[Opening Input data section]
Theorem theorem7p1 :
  is_RL_partition H_OK P_OK 3 1 /\ min_distance H_OK 3 /\ covering_radius H_OK 3.
Proof.
have RL : is_RL_partition H_OK P_OK 3 1.
  rewrite P_OK_preim; apply: (preim_partition_RL H_OK_bitE); apply/allP.
  (* Naming the list lets vm_compute evaluate it once rather than once per vector. *)
  set syndromes := map _ _.
  by vm_compute.
split=> //; split.
  by apply: (min_distance_syndromes H_OK_bitE (s := [:: 5; 8; 15]%N)); vm_compute.
apply: covering_radius_tight; first exact: RL_partition_covers RL.
apply: (not_covers_within H_OK_bitE
          (b := [:: false; false; false; false; false; true; true; true; false])); first by [].
by vm_compute.
Qed.
(* If an online algorithm in the discrete-time model is $\alpha$-competitive for MaxProb (all-ties-win) when the true prior is $F_K$ and $\beta$-competitive when the true prior is $F_k$ for every $k\in[K-1]$, then there is a minor-oblivious algorithm with the same guarantees.
   Context: Discrete-time model: $n$ values $x_1,\dots,x_n$ i.i.d. from a true prior are revealed in the order $x_1,\dots,x_n$; an online algorithm irrevocably accepts at most one; $\mathrm{ALG}$ is the accepted index. MaxProb with all-ties-win: success iff the accepted value equals $\max_i x_i$; the competitive ratio is the success probability. $[K]=\{1,\dots,K\}$; $\tilde F$ is a distribution on $[K]$ with pmf $\tilde f$, $\tilde f(1)>0$; $F_k(\ell)=\tilde F(\ell)/\tilde F(k)$ for $\ell\le k$ and $F_k(\ell)=1$ for $\ell>k$. The conditional acceptance probability of an algorithm is $\mathrm{Acc}_t(\mathbf x_{1:t})=\Pr[\mathrm{ALG}=t\mid\mathrm{ALG}\ge t,(x_1,\dots,x_t)=\mathbf x_{1:t}]$. An algorithm is minor-oblivious if $\mathrm{Acc}_t(\mathbf x_{1:t})=\mathrm{Acc}_t(\mathbf y_{1:t})$ whenever $x_t=y_t=\max\mathbf x_{1:t}=\max\mathbf y_{1:t}$. *)

From HB Require Import structures.
From mathcomp Require Import all_boot all_order all_algebra.
From mathcomp Require Import reals.
Set Implicit Arguments. Unset Strict Implicit. Unset Printing Implicit Defensive.
Import Order.TTheory GRing.Theory Num.Theory.
Local Open Scope ring_scope.

(* Values: [K] = {1,...,K} is represented by 'I_K, the ordinal i standing
   for the value i+1 (order-preserving, so maxima are unaffected). *)

Definition Ftilde (R : realType) (K : nat) (ft : 'I_K -> R) (k : nat) : R :=
  \sum_(i : 'I_K | (val i < k)%N) ft i.

Definition prior_k (R : realType) (K : nat) (ft : 'I_K -> R) (k : nat)
  (i : 'I_K) : R :=
  if (val i < k)%N then ft i / Ftilde ft k else 0.

(* An online algorithm is given by its conditional acceptance probabilities:
   acc s = Acc_t(x_{1:t}) for the prefix s = x_{1:t} (t = size s). *)
Definition algorithm (R : realType) (K : nat) := seq 'I_K -> R.

Definition valid_alg (R : realType) (K n : nat) (acc : algorithm R K) : Prop :=
  forall s : seq 'I_K, (0 < size s <= n)%N -> 0 <= acc s <= 1.

(* Pr[ALG = t | x] (t is 0-based: index t means the (t+1)-th arrival) *)
Definition pr_alg_eq (R : realType) (K n : nat) (acc : algorithm R K)
  (x : n.-tuple 'I_K) (t : 'I_n) : R :=
  (\prod_(s < t) (1 - acc (take s.+1 x))) * acc (take t.+1 x).

Definition success (R : realType) (K n : nat) (p : 'I_K -> R)
  (acc : algorithm R K) : R :=
  \sum_(x : n.-tuple 'I_K)
     (\prod_(i < n) p (tnth x i)) *
     (\sum_(t < n) pr_alg_eq acc x t *
        (if val (tnth x t) == \max_(i <- x) val i then 1 else 0)).

Definition minor_oblivious (R : realType) (K n : nat) (acc : algorithm R K)
  : Prop :=
  forall (p1 p2 : seq 'I_K) (v : 'I_K),
    size p1 = size p2 -> (size p1 < n)%N ->
    \max_(i <- rcons p1 v) val i = val v ->
    \max_(i <- rcons p2 v) val i = val v ->
    acc (rcons p1 v) = acc (rcons p2 v).
(* Let $(\Omega,\mathbb B(\Omega),\mu,T)$ be a measure-preserving dynamical system and $\mathbf X$ an $\mathbb R^N$-valued random vector on $(\Omega,\mathbb B(\Omega))$ such that $h_\mu(T)=\lim_{d\to\infty}h_\mu(T,\mathcal P^{\mathbf X}(d))$, and such that either (a) there is $d_0\in\mathbb N$ with $h^{\mathbf X}_\mu(T,d)\ge h^{\mathbf X}_\mu(T,d+1)$ for all $d\ge d_0$, or (b) $\lim_{d\to\infty}h^{\mathbf X}_{\mu,\triangle}(T,d)$ exists. If $h_\mu(T)=\limsup_{d\to\infty}h^{\mathbf X}_\mu(T,d)$, then $h_\mu(T)=\limsup_{d\to\infty}h^{\mathbf X}_{\mu,\mathrm{cond}}(T,d)$.
   Context: A measure-preserving dynamical system $(\Omega,\mathbb B(\Omega),\mu,T)$ consists of a nonempty topological space $\Omega$ with Borel $\sigma$-algebra $\mathbb B(\Omega)$, a probability measure $\mu$, and a measurable map $T:\Omega\to\Omega$ with $\mu(T^{-1}B)=\mu(B)$ for all $B\in\mathbb B(\Omega)$. For a finite partition $\mathcal P=\{P_0,\dots,P_l\}\subset\mathbb B(\Omega)$ of $\Omega$: $H(\mathcal P)=-\sum_{P\in\mathcal P}\mu(P)\ln\mu(P)$ (with $0\ln0=0$); $\mathcal P_n$ is the partition consisting of the sets $P_{a_0}\cap T^{-1}(P_{a_1})\cap\dots\cap T^{-(n-1)}(P_{a_{n-1}})$, $a_i\in\{0,\dots,l\}$; $h_\mu(T,\mathcal P)=\lim_{n\to\infty}(H(\mathcal P_{n+1})-H(\mathcal P_n))$; the Kolmogorov–Sinai entropy is $h_\mu(T)=\sup_{\mathcal P}h_\mu(T,\mathcal P)$ over finite partitions. Let $\Pi_d$ be the set of permutations of $\{0,1,\dots,d\}$. A vector $(x_0,\dots,x_d)\in\mathbb R^{d+1}$ has ordinal pattern $\pi=(r_0,\dots,r_d)\in\Pi_d$ if $x_{r_0}\ge x_{r_1}\ge\dots\ge x_{r_d}$ and $r_{l-1}>r_l$ whenever $x_{r_{l-1}}=x_{r_l}$. For a random vector $\mathbf X=(X_1,\dots,X_N)$ and $d\in\mathbb N$, the ordinal partition $\mathcal P^{\mathbf X}(d)$ consists of the sets $P_{(\pi_1,\dots,\pi_N)}=\{\omega: (X_i(T^{d}\omega),X_i(T^{d-1}\omega),\dots,X_i(T\omega),X_i(\omega))\text{ has ordinal pattern }\pi_i\text{ for } i=1,\dots,N\}$, $\pi_i\in\Pi_d$. Permutation entropy: $h^{\mathbf X}_\mu(T,d)=\frac1d H(\mathcal P^{\mathbf X}(d))$. Sorting entropy: $h^{\mathbf X}_{\mu,\triangle}(T,d)=H(\mathcal P^{\mathbf X}(d+1))-H(\mathcal P^{\mathbf X}(d))$. Conditional entropy of ordinal patterns: $h^{\mathbf X}_{\mu,\mathrm{cond}}(T,d)=H(\mathcal P^{\mathbf X}(d)_2)-H(\mathcal P^{\mathbf X}(d))$. *)

From HB Require Import structures.
From mathcomp Require Import all_boot all_order all_algebra all_fingroup.
From mathcomp Require Import all_classical all_reals all_analysis.
Set Implicit Arguments. Unset Strict Implicit. Unset Printing Implicit Defensive.
Import Order.TTheory GRing.Theory Num.Theory.
Local Open Scope classical_set_scope.
Local Open Scope ring_scope.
[Closing Input data section]
What do the lines above say from the one containing "(\prod_(i < n) p (tnth x i)) *" down to the one containing "acc (rcons p1 v) = acc (rcons p2 v)."? Return them exactly, both end lines included, and only them.

- Result of the task -
     (\prod_(i < n) p (tnth x i)) *
     (\sum_(t < n) pr_alg_eq acc x t *
        (if val (tnth x t) == \max_(i <- x) val i then 1 else 0)).

Definition minor_oblivious (R : realType) (K n : nat) (acc : algorithm R K)
  : Prop :=
  forall (p1 p2 : seq 'I_K) (v : 'I_K),
    size p1 = size p2 -> (size p1 < n)%N ->
    \max_(i <- rcons p1 v) val i = val v ->
    \max_(i <- rcons p2 v) val i = val v ->
    acc (rcons p1 v) = acc (rcons p2 v).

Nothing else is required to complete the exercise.